Please reproduce verbatim the lines below, from the first through the one with "ball_in (pend, qend)".

··· Available data

Lemma binvK s x : ball_in s x -> binv f s (f s.1 s.2 x) = x.
Proof.
move=> hx; have [hb e] := binvP (placement_range hx).
exact: placement_inj hb hx e.
Qed.

End Bijective.

Lemma ctimeP ops x t : ball_in (state ops (size ops)) x -> t <= size ops ->
  (ctime ops x < t) = ball_in (state ops t) x.
Proof.
move=> hend ht; have out0 : ball_in (state ops 0) x = false by rewrite state0 {hend}; case: x => -[].
set P := fun t => ball_in (state ops t.+1) x.
have hP : has P (iota 0 (size ops)).
  case: (posnP (size ops)) => [e | n0]; first by move: hend; rewrite e out0.
  by apply/hasP; exists (size ops).-1; [rewrite mem_iota; lia | rewrite /P prednK].
have hc : ctime ops x < size ops by rewrite /ctime -[X in _ < X](size_iota 0) -has_find.
case: t ht => [|t] ht; first by rewrite out0.
rewrite ltnS; apply/idP/idP => h.
- have := nth_find 0 hP; rewrite nth_iota // add0n; exact: ball_in_mono.
- case: (leqP (ctime ops x) t) => // hlt.
  by have := before_find 0 hlt; rewrite nth_iota ?add0n ?h //; lia.
Qed.

Lemma segment_cut (seg : nat -> nat) lo hi a b :
  (forall t1 t2, lo <= t1 -> t1 <= t2 -> t2 < hi -> seg t1 <= seg t2) ->
  lo <= a < hi -> lo <= b < hi -> seg a < seg b ->
  exists2 T, a < T <= b &
    forall t1 t2, lo <= t1 < T -> T <= t2 < hi -> seg t1 != seg t2.
Proof.
move=> mono ha hb lt_ab.
have ab : a < b.
  by case: (ltnP a b) => // ba; have := mono b a; lia.
have ex : exists n, (a < n <= b) && (seg a < seg n) by exists b; rewrite ab leqnn lt_ab.
case: (ex_minnP ex) => T /andP[hT ltT] Tmin; exists T => // t1 t2 h1 h2.
have le_prev : seg T.-1 <= seg a.
  case: (eqVneq T.-1 a) => [-> // | ne].
  by rewrite leqNgt; apply/negP => lt; have := Tmin T.-1; rewrite lt andbT; lia.
have := mono t1 T.-1; have := mono T t2; lia.
Qed.

Lemma mem_new_balls pst qst pend qend x : x \in new_balls pst qst pend qend ->
  ball_in (pend, qend) x && ~~ ball_in (pst, qst) x.
Proof. by rewrite mem_cat => /orP[] /mapP[i]; rewrite mem_iota => hi -> /=; lia. Qed.

Lemma uniq_new_balls pst qst pend qend : uniq (new_balls pst qst pend qend).
Proof.
rewrite cat_uniq !map_inj_uniq ?iota_uniq //=; try by move=> ? ? [].
by rewrite andbT; apply/hasP => -[_ /mapP[? _ ->] /mapP[]].
Qed.

Lemma countedI f seg lo ops x t1 T t2 :
  lo <= t1 < T -> T <= t2 -> moved f ops x t1 -> moved f ops x t2 ->
  (forall t, t1 < t < T -> ~~ moved f ops x t) ->
  (forall t, T <= t < t2 -> ~~ moved f ops x t) ->
  seg t1 != seg t2 -> counted f seg lo ops x t2.
Proof.
move=> h1 h2 m1 m2 n1 n2 hs; rewrite /counted m2.
apply/hasP; exists t1; first by rewrite mem_iota; lia.
rewrite m1 hs; apply/allP => t; rewrite mem_iota => ht.
by case: (ltnP t T) => h; [apply: n1 | apply: n2]; lia.
Qed.

Definition counted_pairs f seg lo hi ops :=
  [seq (x, t) | t <- iota lo (hi - lo),
                x <- [seq y <- all_balls (state ops hi) | counted f seg lo ops y t]].

Lemma size_counted_pairs f seg lo hi ops :
  size (counted_pairs f seg lo hi ops) = cost_u f seg lo hi ops.
Proof.
rewrite size_allpairs_dep sumnE big_map /cost_u /index_iota.
by apply: eq_bigr => t _; rewrite size_filter.
Qed.

Lemma mem_counted_pairs f seg lo hi ops x t :
  lo <= t < hi -> ball_in (state ops hi) x -> counted f seg lo ops x t ->
  (x, t) \in counted_pairs f seg lo hi ops.
Proof.
move=> ht hx hc; apply/allpairsPdep; exists t, x; split => //.
  by rewrite mem_iota; lia.
by rewrite mem_filter hc mem_all_balls.
Qed.

(* The ball charged to a counted pair [(z, t)]: walk the chain backwards from [z]
   (for a pair of the first sequence) or from the ball whose final bin is the bin
   of [z] at time [t] under the second sequence.  It depends on the pair only, not on the charged ball or on
   the cut, which is what makes the charging injective. *)
Fixpoint unwind (f : placement) (s0 s1 : nat * nat) n x :=
  if n is n'.+1 then
    if ball_in s0 x then unwind f s0 s1 n' (binv f s1 (f s0.1 s0.2 x)) else x
  else x.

······

■ Your solution ■
Lemma binvK s x : ball_in s x -> binv f s (f s.1 s.2 x) = x.
Proof.
move=> hx; have [hb e] := binvP (placement_range hx).
exact: placement_inj hb hx e.
Qed.

End Bijective.

Lemma ctimeP ops x t : ball_in (state ops (size ops)) x -> t <= size ops ->
  (ctime ops x < t) = ball_in (state ops t) x.
Proof.
move=> hend ht; have out0 : ball_in (state ops 0) x = false by rewrite state0 {hend}; case: x => -[].
set P := fun t => ball_in (state ops t.+1) x.
have hP : has P (iota 0 (size ops)).
  case: (posnP (size ops)) => [e | n0]; first by move: hend; rewrite e out0.
  by apply/hasP; exists (size ops).-1; [rewrite mem_iota; lia | rewrite /P prednK].
have hc : ctime ops x < size ops by rewrite /ctime -[X in _ < X](size_iota 0) -has_find.
case: t ht => [|t] ht; first by rewrite out0.
rewrite ltnS; apply/idP/idP => h.
- have := nth_find 0 hP; rewrite nth_iota // add0n; exact: ball_in_mono.
- case: (leqP (ctime ops x) t) => // hlt.
  by have := before_find 0 hlt; rewrite nth_iota ?add0n ?h //; lia.
Qed.

Lemma segment_cut (seg : nat -> nat) lo hi a b :
  (forall t1 t2, lo <= t1 -> t1 <= t2 -> t2 < hi -> seg t1 <= seg t2) ->
  lo <= a < hi -> lo <= b < hi -> seg a < seg b ->
  exists2 T, a < T <= b &
    forall t1 t2, lo <= t1 < T -> T <= t2 < hi -> seg t1 != seg t2.
Proof.
move=> mono ha hb lt_ab.
have ab : a < b.
  by case: (ltnP a b) => // ba; have := mono b a; lia.
have ex : exists n, (a < n <= b) && (seg a < seg n) by exists b; rewrite ab leqnn lt_ab.
case: (ex_minnP ex) => T /andP[hT ltT] Tmin; exists T => // t1 t2 h1 h2.
have le_prev : seg T.-1 <= seg a.
  case: (eqVneq T.-1 a) => [-> // | ne].
  by rewrite leqNgt; apply/negP => lt; have := Tmin T.-1; rewrite lt andbT; lia.
have := mono t1 T.-1; have := mono T t2; lia.
Qed.

Lemma mem_new_balls pst qst pend qend x : x \in new_balls pst qst pend qend ->
  ball_in (pend, qend) x && ~~ ball_in (pst, qst) x.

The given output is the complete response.